» Exercise goal
Where a line in the listing contains the string "elim", copy that line out.

[Opening Dataset records section]

Lemma nimfa_sol_le (v w : R -> 'I_N -> R) :
  nimfa_solution A tau v -> nimfa_solution A tau w ->
  (forall i, 0 <= v 0 i) -> (forall i, 0 <= w 0 i <= 1) ->
  (forall i, v 0 i <= w 0 i) ->
  forall t : R, 0 <= t -> forall i, v t i <= w t i.
Proof.
move=> vs ws v0 w01 vw0 t t0 i.
have v_ge0 := nimfa_sol_ge0 vs v0.
have w_ge0 := nimfa_sol_ge0 ws (fun j => proj1 (andP (w01 j))).
have w_le1 := nimfa_sol_le1 ws (fun j => proj2 (andP (w01 j))).
case: vs => vc vd; case: ws => wc wd.
have dc j : (fun s => w s j - v s j) y @[y --> (0:R)^'+] --> w 0 j - v 0 j.
  exact: cvgB.
have dd j (s : R) : 0 < s -> is_derive s 1 (fun u => w u j - v u j)
    (nimfa_field (w s) j - nimfa_field (v s) j).
  by move=> s0; exact: is_deriveB (wd j s s0) (vd j s s0).
rewrite -subr_ge0; apply: (@nonneg_invariant R N (fun s j => w s j - v s j)
  (fun s j => nimfa_field (w s) j - nimfa_field (v s) j) (tau * N%:R) (t + 1) dc dd).
- by move=> j; rewrite subr_ge0.
- move=> u /andP[u0 _]; apply: (@le_trans _ _
    (\sum_k tau * \sum_j A k j * (negpart (w u k - v u k) * negpart (w u j - v u j)))).
    apply: ler_sum => k _; apply: negpart_sub_mul_field_le; first by apply: v_ge0; exact: ltW.
    by rewrite w_ge0 ?w_le1 ?ltW.
  by rewrite -mulr_sumr -mulrA; apply: ler_wpM2l => //; exact: adj_form_le.
- by rewrite t0 /= lerDl.
Qed.

Lemma nimfa_field_energy_le (lam : R) (x : 'I_N -> R) :
  (forall a, eigenvalue A a -> a <= lam) -> (forall i, 0 <= x i) ->
  \sum_i x i * nimfa_field x i <= (tau * lam - 1) * \sum_i x i ^+ 2.
Proof.
move=> lam_ub x_ge0; have symA : forall i j, A i j = A j i by case: adjA.
apply: (@le_trans _ _ (\sum_i (- x i ^+ 2 + tau * (x i * \sum_j A i j * x j)))).
  apply: ler_sum => i _; rewrite /nimfa_field; set s := \sum_j A i j * x j.
  have s_ge0 : 0 <= s by apply: sumr_ge0 => j _; rewrite mulr_ge0.
  have -> : x i * (- x i + tau * (1 - x i) * s) =
      - x i ^+ 2 + tau * (x i * s) - tau * (x i ^+ 2 * s) by ring.
  by rewrite lerBlDr lerDl !mulr_ge0 // sqr_ge0.
rewrite big_split /= sumrN -mulr_sumr.
rewrite (_ : (tau * lam - 1) * _ = - \sum_i x i ^+ 2 + tau * (lam * \sum_i x i ^+ 2)); last by ring.
by apply: lerD => //; apply: ler_wpM2l => //; apply: rayleigh_bound.
Qed.

Lemma nimfa_energy_le {lam : R} {v : R -> 'I_N -> R} :
  (forall a, eigenvalue A a -> a <= lam) ->
  nimfa_solution A tau v -> (forall i, 0 <= v 0 i) ->
  forall t : R, 0 <= t ->
  \sum_i v t i ^+ 2 <= (\sum_i v 0 i ^+ 2) * expR (2 * (tau * lam - 1) * t).
Proof.
move=> lam_ub vs v0 t t0; have v_ge0 := nimfa_sol_ge0 vs v0; case: vs => vc vd.
apply: (@sum_sqr_gronwall R N v (fun s => nimfa_field (v s)) _ (t + 1) vc vd).
  move=> u /andP[u0 _]; apply: nimfa_field_energy_le => // i.
  by apply: v_ge0; exact: ltW.
by rewrite t0 /= lerDl.
Qed.
Lemma exists_seq_preimage (K E : eqType) (key : E -> K) (Q : pred E) (l : seq K) :
  (forall u, u \in l -> exists2 e, Q e & key e = u) ->
  exists2 s : seq E, map key s = l & all Q s.
Proof.
elim: l => [|u l IHl] preim; first by exists [::].
have [e Qe <-] := preim u (mem_head u l).
have [|s <- Qs] := IHl; first by move=> w wl; apply: preim; rewrite inE wl orbT.
by exists (e :: s); rewrite //= Qe.
Qed.

Lemma connect_change (Y : finType) (C : eqType) (e : rel Y) (g : Y -> C) x y :
  connect e x y -> g x != g y -> exists a b, e a b && (g a != g b).
Proof.
move=> /connectP [q xq ->]; elim: q x xq => [|z q IHq] x /=; first by rewrite eqxx.
case/andP => exz zq; have [gxz|] := eqVneq (g x) (g z); last by exists x, z; rewrite exz.
by rewrite gxz; exact: IHq.
Qed.

Section RootedTree.
Variables (T : finType) (r : T) (par : T -> T).
Hypothesis par_r : par r = r.
Hypothesis reach_r : forall v, exists k, iter k par v = r.

Local Notation children := (children r par).

Definition subtree v := [set u | fconnect par u v].

Lemma subtreeP u v : reflect (exists n, iter n par u = v) (u \in subtree v).
Proof.
rewrite inE; apply: (iffP idP) => [/iter_findex|[n <-]]; last exact: fconnect_iter.
by exists (findex par u v).
Qed.

Lemma subtree_refl v : v \in subtree v.
Proof. by rewrite inE connect0. Qed.

Lemma subtree_trans u v w : u \in subtree v -> v \in subtree w -> u \in subtree w.
Proof. rewrite !inE; exact: connect_trans. Qed.

Lemma subtree_par c : c \in subtree (par c).
Proof. by rewrite inE fconnect1. Qed.

Lemma subtree_root : subtree r = [set: T].
Proof. by apply/setP => u; rewrite in_setT; apply/subtreeP/reach_r. Qed.

Lemma childP v c : reflect (c != r /\ par c = v) (c \in children v).
Proof. by rewrite inE; apply: (iffP andP) => -[-> /eqP]. Qed.

(* Every parent chain ends at the fixed point r, so par has no other cycle. *)
Lemma iter_par_cycle n u : iter n.+1 par u = u -> u = r.
Proof.
move=> cyc; have [k uk] := reach_r u.
have periodic q : iter (q * n.+1) par u = u.
  by elim: q => // q IHq; rewrite mulSn iterD IHq cyc.
by rewrite -(periodic k) -(subnK (leq_pmulr k (ltn0Sn n))) iterD uk iter_fix.
Qed.

Lemma par_notin_subtree c : c != r -> par c \notin subtree c.
Proof.
move=> cr; apply: contra cr => /subtreeP [n cyc].
by apply/eqP/(@iter_par_cycle n); rewrite iterSr.
Qed.

Lemma subtree_child_parent v c : c \in children v -> v \notin subtree c.
Proof. by case/childP => cr <-; exact: par_notin_subtree. Qed.

Lemma subtree_child v c : c \in children v -> subtree c \subset subtree v.
Proof.
move=> /childP [_ <-]; apply/subsetP => u uc.
exact: subtree_trans uc (subtree_par c).
Qed.

Lemma subtree_child_proper v c : c \in children v -> subtree c \proper subtree v.
Proof.
move=> cv; rewrite properE subtree_child //=; apply/subsetPn; exists v.
  exact: subtree_refl.
exact: subtree_child_parent.
Qed.

Lemma subtree_total u a b : u \in subtree a -> u \in subtree b ->
  (a \in subtree b) || (b \in subtree a).
Proof.
move=> /subtreeP [n1 <-] /subtreeP [n2 <-].
have [le12|/ltnW le21] := leqP n1 n2; apply/orP; [left|right]; apply/subtreeP.
  by exists (n2 - n1); rewrite -iterD subnK.
by exists (n1 - n2); rewrite -iterD subnK.
Qed.

Lemma disjoint_subtree_children v a b : a \in children v -> b \in children v ->
  a != b -> [disjoint subtree a & subtree b].
Proof.
move=> av bv ab; apply/pred0P => u /=; apply/negP => /andP [ua ub].
have below x y : x \in children v -> y \in children v -> x != y -> x \notin subtree y.
  move=> /childP [xr px] /childP [yr py] xy; apply: contra (par_notin_subtree yr).
  by rewrite !inE fconnect_eqVf (negbTE xy) px -py.
by case/orP: (subtree_total ua ub); apply/negP; apply: below; rewrite // eq_sym.
Qed.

[Closing Dataset records section]

» Response to the exercise
elim: l => [|u l IHl] preim; first by exists [::].
move=> /connectP [q xq ->]; elim: q x xq => [|z q IHq] x /=; first by rewrite eqxx.
  by elim: q => // q IHq; rewrite mulSn iterD IHq cyc.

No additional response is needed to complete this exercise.